Volunteer corn can significantly reduce soybean and corn yield, although research indicates that volunteer corn is less competitive in corn than in soybean. For example, researchers at South Dakota State University found that populations of volunteer corn ranging from 800 to 13,000 plants per acre resulted in yield losses of 0 to 54% in soybean and 0 to 13% in corn. Researchers from the University of Nebraska reported similar results where volunteer corn populations of 3,500 and 7,000 plants per acre reduced soybean yield 10 and 27%, respectively, while corn yields were reduced 2 and 5%, respectively.

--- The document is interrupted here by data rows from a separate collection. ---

Lemma ku_eq_le_abs_add T a k : 0 < T -> ku_eq T a k -> k <= Rabs a + PI / T.
Proof.
intros HT [Hk E].
pose proof (Rabs_pos a); pose proof PI_RGT_0.
pose proof (acos_bound (a / k)).
assert (Hs : sqrt (k ^ 2 - a ^ 2) <= PI / T)
  by (apply (Rmult_le_reg_l T); [lra|]; rewrite E; field_simplify; lra).
assert (Hd : 0 <= k ^ 2 - Rabs a ^ 2) by nra.
replace (a ^ 2) with (Rabs a ^ 2) in Hs by apply pow2_abs.
pose proof (sqrt_sqrt _ Hd); pose proof (sqrt_pos (k ^ 2 - Rabs a ^ 2)).
assert (0 < PI / T) by (apply Rdiv_lt_0_compat; lra).
nra.
Qed.

Lemma ku_exists_unique T a : 0 < T -> a * T < 1 -> exists! k, ku_eq T a k.
Proof.
intros HT Ha.
destruct (a_param_surj (a * T) Ha) as [t [Ht Et]].
exists (k_param t / T); split.
- replace a with (a_param t / T) by (rewrite Et; field; lra).
  exact (ku_eq_of_param T t HT Ht).
- intros k Hk; destruct (ku_eq_param T a k HT Hk) as [t' [Ht' [Ea Ek]]].
  assert (t' = t) by (apply a_param_inj; lra).
  subst t'; rewrite <- Ek; field; lra.
Qed.

Lemma convex_below_of_chord (f : R -> R) (b : R) :
  (forall x z y, x < z -> z < y -> y < b ->
     (f z - f x) * (y - z) <= (f y - f z) * (z - x)) ->
  convex_below f b.
Proof.
intros Hchord.
assert (Hord : forall x y t, x < y -> y < b -> 0 < t < 1 ->
          f (t * x + (1 - t) * y) <= t * f x + (1 - t) * f y).
{ intros x y t Hxy Hy Ht.
  set (z := t * x + (1 - t) * y).
  pose proof (Hchord x z y ltac:(unfold z; nra) ltac:(unfold z; nra) Hy) as H.
  replace (y - z) with (t * (y - x)) in H by (unfold z; ring).
  replace (z - x) with ((1 - t) * (y - x)) in H by (unfold z; ring).
  apply (Rmult_le_reg_r (y - x)); [lra | nra]. }
intros x y t Hx Hy Ht.
destruct (Req_dec t 0) as [->|H0].
{ replace (0 * x + (1 - 0) * y) with y by ring; lra. }
destruct (Req_dec t 1) as [->|H1].
{ replace (1 * x + (1 - 1) * y) with x by ring; lra. }
destruct (Rtotal_order x y) as [H|[->|H]].
- apply Hord; lra.
- replace (t * y + (1 - t) * y) with y by ring; lra.
- replace (t * x + (1 - t) * y) with ((1 - t) * y + (1 - (1 - t)) * x) by ring.
  pose proof (Hord y x (1 - t) H Hx ltac:(lra)); lra.
Qed.

Lemma is_lim_one_add_div_abs (C : R) :
  is_lim (fun a => 1 + C / Rabs a) m_infty 1.
Proof.
assert (Hinv : is_lim (fun a => / Rabs a) m_infty 0).
{ apply (is_lim_inv (fun a => Rabs a) m_infty p_infty); [|discriminate].
  apply (is_lim_Rabs (fun a => a) m_infty m_infty), is_lim_id. }
pose proof (is_lim_plus' _ _ _ _ _ (is_lim_const 1 m_infty)
              (is_lim_scal_l _ C _ _ Hinv)) as H.
simpl in H; rewrite Rmult_0_r, Rplus_0_r in H; exact H.
Qed.

Lemma is_lim_div_abs_of_bounds (f : R -> R) (C : R) :
  (forall a, a < 0 -> Rabs a < f a <= Rabs a + C) ->
  is_lim (fun a => f a / Rabs a) m_infty 1.
Proof.
intros Hf.
apply (is_lim_le_le_loc (fun _ => 1) (fun a => 1 + C / Rabs a));
  [| apply is_lim_const | apply is_lim_one_add_div_abs].
exists 0; intros a Ha.
specialize (Hf a Ha); rewrite Rabs_left in * by lra.
split; apply (Rmult_le_reg_r (- a)); try lra; field_simplify; lra.
Qed.

Lemma filterlim_at_left_of_reflect_bounds (f : R -> R) (x : R) :
  (forall a, a < x -> a <= f a <= 2 * x - a) ->
  filterlim f (at_left x) (locally x).
Proof.
intros Hf; apply filterlim_locally; intros eps.
exists eps; intros a Ha Hax.
change (Rabs (a - x) < eps) in Ha; change (Rabs (f a - x) < eps).
specialize (Hf a Hax); rewrite Rabs_left in Ha by lra.
apply Rabs_def1; lra.
Qed.

Section Solution_branch.

Variables (T : R) (ku : R -> R).
Hypothesis HT : 0 < T.
Hypothesis Hku : forall a, a * T < 1 -> ku_eq T a (ku a).

Lemma ku_eq_below a : a < / T -> ku_eq T a (ku a).
Proof.
intros Ha; apply Hku.
apply (Rmult_lt_compat_r T) in Ha; [rewrite Rinv_l in Ha; lra | exact HT].
Qed.

Lemma ku_param a : a < / T ->
  exists t, 0 < t < PI /\ T * a = a_param t /\ T * ku a = k_param t.
Proof. intros Ha; exact (ku_eq_param T a (ku a) HT (ku_eq_below a Ha)). Qed.

Lemma ku_decreasing : decreasing_below ku (/ T).
Proof.
intros x y Hxy Hy.
destruct (ku_param x ltac:(lra)) as [tx [Htx [Ax Kx]]].
destruct (ku_param y Hy) as [ty [Hty [Ay Ky]]].
assert (Ht : ty < tx) by (apply lt_of_a_param_lt; nra).
pose proof (k_param_increasing ty tx ltac:(lra) Ht ltac:(lra)); nra.
Qed.

Lemma ku_chord x z y : x < z -> z < y -> y < / T ->
  (ku z - ku x) * (y - z) <= (ku y - ku z) * (z - x).
Proof.
intros Hxz Hzy Hy.
destruct (ku_param x ltac:(lra)) as [tx [Htx [Ax Kx]]].
destruct (ku_param z ltac:(lra)) as [tz [Htz [Az Kz]]].
destruct (ku_param y Hy) as [ty [Hty [Ay Ky]]].
assert (Hzx : tz < tx) by (apply lt_of_a_param_lt; nra).
assert (Hyz : ty < tz) by (apply lt_of_a_param_lt; nra).
destruct (k_param_chord tz tx ltac:(lra) Hzx ltac:(lra)) as [c1 [Hc1 E1]].
destruct (k_param_chord ty tz ltac:(lra) Hyz ltac:(lra)) as [c2 [Hc2 E2]].
pose proof (slope_ratio_increasing c2 c1 ltac:(lra) ltac:(lra) ltac:(lra)).
assert (S1 : ku z - ku x = - (z - x) * slope_ratio c1).
{ apply (Rmult_eq_reg_l T); [|lra].
  replace (T * (ku z - ku x)) with (- (k_param tx - k_param tz)) by lra.
  rewrite E1, <- Ax, <- Az; ring. }
assert (S2 : ku y - ku z = - (y - z) * slope_ratio c2).
{ apply (Rmult_eq_reg_l T); [|lra].
  replace (T * (ku y - ku z)) with (- (k_param tz - k_param ty)) by lra.
  rewrite E2, <- Az, <- Ay; ring. }
assert (0 < (z - x) * (y - z)) by nra.
rewrite S1, S2; nra.
Qed.

Lemma ku_convex : convex_below ku (/ T).
Proof. apply convex_below_of_chord, ku_chord. Qed.

Lemma ku_lim_m_infty : is_lim (fun a => ku a / Rabs a) m_infty 1.
Proof.
apply (is_lim_div_abs_of_bounds ku (PI / T)); intros a Ha.
assert (Hk : ku_eq T a (ku a))
  by (apply ku_eq_below; pose proof (Rinv_0_lt_compat T HT); lra).
split; [apply Hk | exact (ku_eq_le_abs_add T a (ku a) HT Hk)].
Qed.

Lemma ku_lim_at_left : filterlim ku (at_left (/ T)) (locally (/ T)).
Proof.
apply filterlim_at_left_of_reflect_bounds; intros a Ha.
pose proof (ku_eq_below a Ha) as [Hk _].
destruct (ku_param a Ha) as [t [Ht [Ea Ek]]].
pose proof (k_param_add_a_param t Ht).
pose proof (a_param_lt_1 (t / 2) ltac:(lra)).
pose proof (Rle_abs a).
split; [lra|].
apply (Rmult_le_reg_l T); [exact HT|].
replace (T * (2 * / T - a)) with (2 - T * a) by (field; lra).
lra.
Qed.

End Solution_branch.

Theorem proposition1 (T : R) (HT : 0 < T) :
  (forall a : R, a * T < 1 -> exists! k : R, ku_eq T a k) /\
  (forall ku : R -> R,
     (forall a : R, a * T < 1 -> ku_eq T a (ku a)) ->
     decreasing_below ku (/ T) /\
     convex_below ku (/ T) /\
     is_lim (fun a => ku a / Rabs a) m_infty 1 /\
     filterlim ku (at_left (/ T)) (locally (/ T))).
Proof.
split; [intros a; exact (ku_exists_unique T a HT)|].
intros ku Hku; repeat split.
- exact (ku_decreasing T ku HT Hku).
- exact (ku_convex T ku HT Hku).
- exact (ku_lim_m_infty T ku HT Hku).
- exact (ku_lim_at_left T ku HT Hku).
Qed.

Nebraska researchers also found that volunteer clumps were more competitive than individual plants. In soybean, 3,500 clumps of corn per acre reduced yield 40% while the same population of individual plants reduced yield 10%. In corn, a volunteer population of 7,000 clumps per acre reduced yield 14% while the same population of individual plants reduced yield 5%. Note that the total number of plants per acre would have been greater in the volunteer clump treatments than in the individual plant treatments, as numerous plants typically emerge from a volunteer clump.
In University of MN trials conducted in 2007 and 2008, volunteer corn populations had to reach at least 8,000 plants/acre before yield was reduced an average of 8%. Although this population did not consistently result in a yield loss, this level of infestation could be used as a guide to help determine at what point control of volunteer corn in corn is warranted to protect yield.
Even though volunteer corn in corn could potentially help offset yield losses by contributing to yield, University of MN researchers found volunteer corn plants typically lagged one to six leaf stages behind the hybrid corn and that volunteer plants at lower populations often had small ears, if any, with poor seed set. At high populations, volunteer plants were typically barren.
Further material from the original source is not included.